Sometimes it is just a downward drifting, and sometimes it is more serious. Usually, by December, the markets have recovered their losses and moved higher.
Market Weakness on a Historical Basis
Though this one is somewhat more severe, sell offs are common at this time of year. According to the Stock Trader’s Almanac, August has been the second-worst month of the year for the Dow Jones and S&P 500 since the 1987 crash. September is the worst month and so we could see more weakness in the coming month.
We don’t believe the level of this weakness is warranted. Moving to cash, as many ‘experts’ advise is simply foolish currently. We caution against falling victim to this line of reasoning.
Society has moved to a model of filling airspace and electronic media with many pundits, all of whom are trying to give up the latest economic commentary and moves in the markets. We are so bombarded with information and “breaking news” that it is hard to see through the electronic buzz to decide what to do.
There is so much hysteria and misinformation being thrown at us by the networks, the poundits, the commentators, and the so-called experts, that it is easy to be unnerved and to let fear rule. Market traders are watching their screens and trying to jump on the bandwagon as soon as they see a trend developing. The current bad news out of Europe, China, and the USA is quite scarey and especially since every traders has CNBC and Bloomberg live on their screens all day every day, and the effect is quite negative.
There are more retirees with more money than ever before. All of that money is looking for a home and for a decent ‘ROI’ in order to give retirees a decent income in their retirement funds.
The biggest economic engine in the history of the world is coming out of a major downturn, and its major corporations are mostly making record profits. Employment never recovers as a downturn ends and always lags, so the current unemployment figures are not necessarily anything to be concerned about.
Mr Market has a remarkable track record of doing the exact opposite of what the majority is saying is about to happen. When fear is at its highest, the opportunity to create wealth for the investor is greatest.
There are more middle class consumers in the world currently than ever before, and more new middle class people, with more spending power, are being created every single day, than in the entire history of the world. This money is always searching for a home, whether it be spending on life’s improvements, or investing in stocks.
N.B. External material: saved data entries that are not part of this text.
Lemma is_root_of_longest r : Lambda s r -> longest_everywhere s r -> is_root r.
Proof. unfold is_root, Fdec, Fdiag; destruct (classic (unit_diag_at s r)); tauto. Qed.

Lemma tnode_child_via r y z : longest_everywhere s r -> tnode s r y z ->
  exists a b t, child_via s z y a b t.
Proof.
  intros LE [a b c w H E Y|y' z' a b c w _ H E _ L1 L2 Y].
  - destruct (LE a b c H E) as [L1 L2].
    destruct (child_via_of_longest s a b c r w H E L1 L2 Y) as (a' & b' & C & _); eauto.
  - destruct (child_via_of_longest s a b c y' w H E L1 L2 Y) as (a' & b' & C & _); eauto.
Qed.

(* A node that has a child in some tree is the longest edge of a triangle, hence has a
   unique parent; so a shared child-parent pair propagates up to a shared root. *)
Lemma tnode_root_unique r r' y z : longest_everywhere s r -> longest_everywhere s r' ->
  tnode s r y z -> tnode s r' y z -> r = r'.
Proof.
  intros LE LE' H; revert r' LE'.
  induction H as [a b c w H E Y|y z a b c w H1 IH H E N L1 L2 Y]; intros r' LE' H2;
    inversion H2 as [a' b' c' w' H' E' Y'|y' z' a' b' c' w' H1' H' E' N' L1' L2' Y']; subst.
  - reflexivity.
  - destruct (tnode_child_via _ _ _ LE' H1') as (a1 & b1 & t1 & C).
    exfalso; eapply child_not_longest; eauto.
  - destruct (tnode_child_via _ _ _ LE H1) as (a1 & b1 & t1 & C).
    exfalso; eapply child_not_longest; eauto.
  - destruct (tnode_child_via _ _ _ LE H1) as (a1 & b1 & t1 & C1).
    destruct (tnode_child_via _ _ _ LE' H1') as (a2 & b2 & t2 & C2).
    assert (z = z') as <- by (eapply (parent_unique_of_longest a b c); eauto).
    now apply IH.
Qed.

Lemma in_tau_root_or_child r x : is_root r -> in_tau s r x ->
  x = r \/ exists z a b t, tnode s r x z /\ child_via s z x a b t.
Proof.
  intros R [E|[z H]]; auto; right.
  destruct (tnode_child_via r x z (is_root_longest _ R) H) as (a & b & t & C); eauto 10.
Qed.

Lemma tau_inv_parent x r : tau_inv s x r -> ~ is_root x ->
  exists z a b t, tnode s r x z /\ child_via s z x a b t.
Proof.
  intros [R I] N; destruct (in_tau_root_or_child r x R I) as [->|?]; [contradiction|auto].
Qed.

Lemma tau_inv_of_root x r : tau_inv s x r -> is_root x -> r = x.
Proof.
  intros [R I] Rx; destruct (in_tau_root_or_child r x R I) as [->|(z & a & b & t & _ & C)]; auto.
  exfalso; eapply child_not_longest; eauto using is_root_longest.
Qed.

Lemma tau_inv_at_most_two x r1 r2 r3 :
  tau_inv s x r1 -> tau_inv s x r2 -> tau_inv s x r3 -> r1 = r2 \/ r1 = r3 \/ r2 = r3.
Proof.
  intros H1 H2 H3.
  destruct (classic (is_root x)) as [R|R].
  { left; rewrite (tau_inv_of_root _ _ H1 R), (tau_inv_of_root _ _ H2 R); auto. }
  destruct (tau_inv_parent x r1 H1 R) as (z1 & a1 & b1 & t1 & N1 & C1).
  destruct (tau_inv_parent x r2 H2 R) as (z2 & a2 & b2 & t2 & N2 & C2).
  destruct (tau_inv_parent x r3 H3 R) as (z3 & a3 & b3 & t3 & N3 & C3).
  pose proof (is_root_longest _ (proj1 H1)); pose proof (is_root_longest _ (proj1 H2));
    pose proof (is_root_longest _ (proj1 H3)).
  destruct (at_most_two_parents x z1 z2 z3 a1 b1 t1 a2 b2 t2 a3 b3 t3 C1 C2 C3)
    as [<-|[<-|<-]]; [left|right; left|right; right]; eapply tnode_root_unique; eauto.
Qed.

Lemma tau_inv_unique_of_longest x p q u r r' :
  tri_of s p q u -> mid p q = x -> len p q > len q u -> len p q > len u p ->
  tau_inv s x r -> tau_inv s x r' -> r = r'.
Proof.
  intros H E L1 L2 Hr Hr'.
  destruct (classic (is_root x)) as [R|R].
  { rewrite (tau_inv_of_root _ _ Hr R), (tau_inv_of_root _ _ Hr' R); auto. }
  destruct (tau_inv_parent x r Hr R) as (z1 & a1 & b1 & t1 & N1 & C1).
  destruct (tau_inv_parent x r' Hr' R) as (z2 & a2 & b2 & t2 & N2 & C2).
  assert (z1 = z2) as <- by (eapply (parent_unique_of_longest p q u); eauto).
  destruct Hr as [Rr _], Hr' as [Rr' _].
  eapply tnode_root_unique; eauto using is_root_longest.
Qed.

(* Edge lengths strictly increase going up, and they are bounded. *)
Lemma child_has_root z y a b t : bounded_edges s -> child_via s z y a b t ->
  exists r, is_root r /\ tnode s r y z.
Proof.
  intros [B HB] C.
  enough (Climb : forall n z y a b t, (Z.to_nat (B - len a b) < n)%nat ->
            child_via s z y a b t -> exists r, is_root r /\ tnode s r y z)
    by (eapply (Climb (S (Z.to_nat (B - len a b)))); eauto).
  clear z y a b t C; intros n; induction n as [|n IH]; intros z y a b t Hn C; [lia|].
  destruct C as [H E L1 L2 Y].
  assert (Z : Lambda s z) by (exists a, b; split; [exact (tri_edge _ _ _ _ H)|auto]).
  destruct (classic (longest_everywhere s z)) as [LE|NLE].
  - exists z; split; [now apply is_root_of_longest|].
    apply (tn_root s z a b t y H E); auto.
  - destruct (not_longest_has_parent s z NLE) as (z2 & a2 & b2 & t2 & C2).
    pose proof C2 as [H2 E2 L3 L4 Y2].
    assert (len b2 t2 = len a b)
      by (apply len_of_same_mid; eauto using tri_edge_bc, tri_edge; congruence).
    pose proof (HB a2 b2 (tri_edge _ _ _ _ H2)).
    destruct (IH z2 z a2 b2 t2 ltac:(lia) C2) as (r & R & N).
    exists r; split; auto.
    apply (tn_step s r z z2 a b t y N H E); auto.
    rewrite <- E2; apply longer_edge_not_in_tri; [exact (tri_edge _ _ _ _ H2)|lia|auto..].
Qed.

Lemma tau_inv_nonempty x : bounded_edges s -> Lambda s x -> exists r, tau_inv s x r.
Proof.
  intros HB HL; destruct (classic (longest_everywhere s x)) as [LE|NLE].
  - exists x; split; [apply is_root_of_longest|left]; auto.
  - destruct (not_longest_has_parent s x NLE) as (z & a & b & t & C).
    destruct (child_has_root z x a b t HB C) as (r & R & N).
    exists r; split; [auto|right; eauto].
Qed.

(** * Each tree of influence is a tree *)

Definition avoids (e : option lpt) (a b t : lpt) : Prop :=
  match e with
  | None => True
  | Some e0 => ~ (e0 = mid a b \/ e0 = mid b t \/ e0 = mid t a)
  end.

(* [subtree c e w y]: [w] is a child of [y] in the tree grown from [c] by the rule of
   [tnode], except that the children of [c] must come from a triangle avoiding the edge
   [e]; [e = Some z] describes the subtree below the node [c] of parent [z]. Unlike
   [tnode], it can be decomposed at its first step. *)
Inductive subtree (c : lpt) (e : option lpt) : lpt -> lpt -> Prop :=
| st_root : forall a b t w, child_via s c w a b t -> avoids e a b t -> subtree c e w c
| st_step : forall y z a b t w, subtree c e y z -> child_via s y w a b t ->
    ~ (z = mid a b \/ z = mid b t \/ z = mid t a) -> subtree c e w y.

Lemma not_mid_of_same_edge z a b a' b' c : same_edge a' b' a b ->
  ~ (z = mid a b \/ z = mid b c \/ z = mid c a) -> ~ (z = mid a' b' \/ z = mid b' c \/ z = mid c a').
Proof.
  intros [[-> ->]|[-> ->]] N; auto.
  rewrite (mid_sym b a), (mid_sym a c), (mid_sym c b); tauto.
Qed.

Lemma tnode_subtree r y z : longest_everywhere s r -> tnode s r y z -> subtree r None y z.
Proof.
  intros LE H; induction H as [a b c w H E Y|y z a b c w _ IH H E N L1 L2 Y].
  - destruct (LE a b c H E) as [L1 L2].
    destruct (child_via_of_longest s a b c r w H E L1 L2 Y) as (a' & b' & C & _).
    eapply st_root; [eauto|exact I].
  - destruct (child_via_of_longest s a b c y w H E L1 L2 Y) as (a' & b' & C & Sw).
    eapply st_step; eauto; eapply not_mid_of_same_edge; eauto.
Qed.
A Conundrum That Illustrates the Point
The media is fixated on the federal debt ceiling and possibility of a U.S. default or credit downgrade. Yet this very fixation seems to have actually increased demand for government bonds. The ten-year yield fell from 3.2% in early July to just 2.6% recently. Why, one might ask, do so many people want to lend their money to a government whose own leaders were preparing for imminent financial doom?
The answer is obvious. The world does not believe in financial doom. They are heading for the tried and true ‘safety’. This political firefight between political forces in the USA is a buying opportunity and to hide in fear is to miss one of those great opportunities. I remind readers of the meltdown in the stock market in October 2008 and March 2009. Those that sold, sold in fear, and lost the most. The market bounced back in quite a dramatic fashion, and stocks moved upwards in a dramatic and sustained fashion.
The USA Debt Ceiling
One final remark – As forces battling for position in the USA swirl around us, be not confused by what is happening. This is like a “cleansing”. The USA desperately needs to adjust its thinking. Spending must be brought under control and the debt must be reduced. In the alternative, interest on the debt will cause the same effect as it has on every other heavily indebted nation.
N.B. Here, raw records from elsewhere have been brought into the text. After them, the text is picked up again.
(* Let $(n_j)_{j\in\mathbb N}$ be a strictly increasing sequence of positive integers and $\omega\in\Sigma$. If $\lim_{j\to\infty}A_{n_j}g(\omega)=0$ and $\lim_{j\to\infty}A_{n_j}f(\omega)$ exists, then $\lim_{j\to\infty}A_{n_j}f(\omega)\in A$. In particular, if $\lim_{n\to\infty}A_ng(\omega)=0$ and $\lim_{n\to\infty}A_nf(\omega)$ exists, then $\lim_{n\to\infty}A_nf(\omega)\in A$.
   Context: Let $T_1,\dots,T_m:[0,1]\to[0,1]$ be $C^1$ maps with $T_i'>0$, $T_i((0,1))\cap T_j((0,1))=\emptyset$ for $i\ne j$, and $\operatorname{diam}(T_{i_1}\circ\cdots\circ T_{i_n}([0,1]))\to0$ uniformly. $\Sigma=\{1,\dots,m\}^{\mathbb N}$ with shift $\sigma$, $\Pi(\omega)=\lim_nT_{\omega_1}\circ\cdots\circ T_{\omega_n}(0)$. Each $T_i$ fixes $x_i=\Pi(i,i,i,\dots)$, with $T_i'(x_i)\le1$ and $0<T_i'(x)<1$ for $x\ne x_i$; $\mathcal I=\{i:T_i'(x_i)=1\}$ is nonempty. $g(\omega)=-\log T'_{\omega_1}(\Pi(\sigma\omega))$, $f:\Sigma\to\mathbb R$ continuous, $A_nF=\frac1n\sum_{i=0}^{n-1}F\circ\sigma^i$, and $A=[\min_{i\in\mathcal I}f(i,i,\dots),\max_{i\in\mathcal I}f(i,i,\dots)]$. *)

From Stdlib Require Import Reals Lra Lia.
Open Scope R_scope.

(* Symbols: the alphabet {1,...,m} is encoded as {0,...,m-1} (nat below m);
   a point of Sigma is a sequence omega : nat -> nat with omega k < m for all k
   (omega 0 is the first letter omega_1 of the paper). *)
Definition in_Sigma (m : nat) (w : nat -> nat) : Prop := forall k, (w k < m)%nat.

Definition shift (w : nat -> nat) : nat -> nat := fun k => w (S k).
Definition shiftn (k : nat) (w : nat -> nat) : nat -> nat := fun j => w (j + k)%nat.

Definition constseq (i : nat) : nat -> nat := fun _ => i.

Fixpoint ifs_comp (T : nat -> R -> R) (w : nat -> nat) (n : nat) (x : R) : R :=
  match n with
  | O => x
  | S n' => T (w O) (ifs_comp T (shift w) n' x)
  end.

Definition deriv_on01 (h hd : R -> R) : Prop :=
  forall x, 0 <= x <= 1 -> forall eps, 0 < eps -> exists delta, 0 < delta /\
    forall y, 0 <= y <= 1 -> y <> x -> Rabs (y - x) < delta ->
      Rabs ((h y - h x) / (y - x) - hd x) < eps.

Definition cont_on01 (h : R -> R) : Prop :=
  forall x, 0 <= x <= 1 -> forall eps, 0 < eps -> exists delta, 0 < delta /\
    forall y, 0 <= y <= 1 -> Rabs (y - x) < delta -> Rabs (h y - h x) < eps.

Definition cont_Sigma (m : nat) (F : (nat -> nat) -> R) : Prop :=
  forall w, in_Sigma m w -> forall eps, 0 < eps -> exists N : nat,
    forall w', in_Sigma m w' -> (forall k, (k < N)%nat -> w' k = w k) ->
      Rabs (F w' - F w) < eps.

Fixpoint birk_sum (F : (nat -> nat) -> R) (w : nat -> nat) (n : nat) : R :=
  match n with
  | O => 0
  | S n' => birk_sum F w n' + F (shiftn n' w)
  end.

Definition avg (n : nat) (F : (nat -> nat) -> R) (w : nat -> nat) : R :=
  / INR n * birk_sum F w n.

Definition gpot (Td : nat -> R -> R) (Pi : (nat -> nat) -> R) (w : nat -> nat) : R :=
  - ln (Td (w O) (Pi (shift w))).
This highly publicized battle is changing the direction of thinking in Washington. A consensus is developing over reducing the debt, and the fight is only about how to do it and how quickly. THIS IS GOOD AND IS WHERE THE USA HAS TO GO.
The views expressed in this blog are opinions only and are not investment advice. Persons investing should seek the advice of a licensed professional to guide them and should not rely on the opinions expressed herein. This blog is not a solicitation for investment and we do not accept unsolicited investment funds.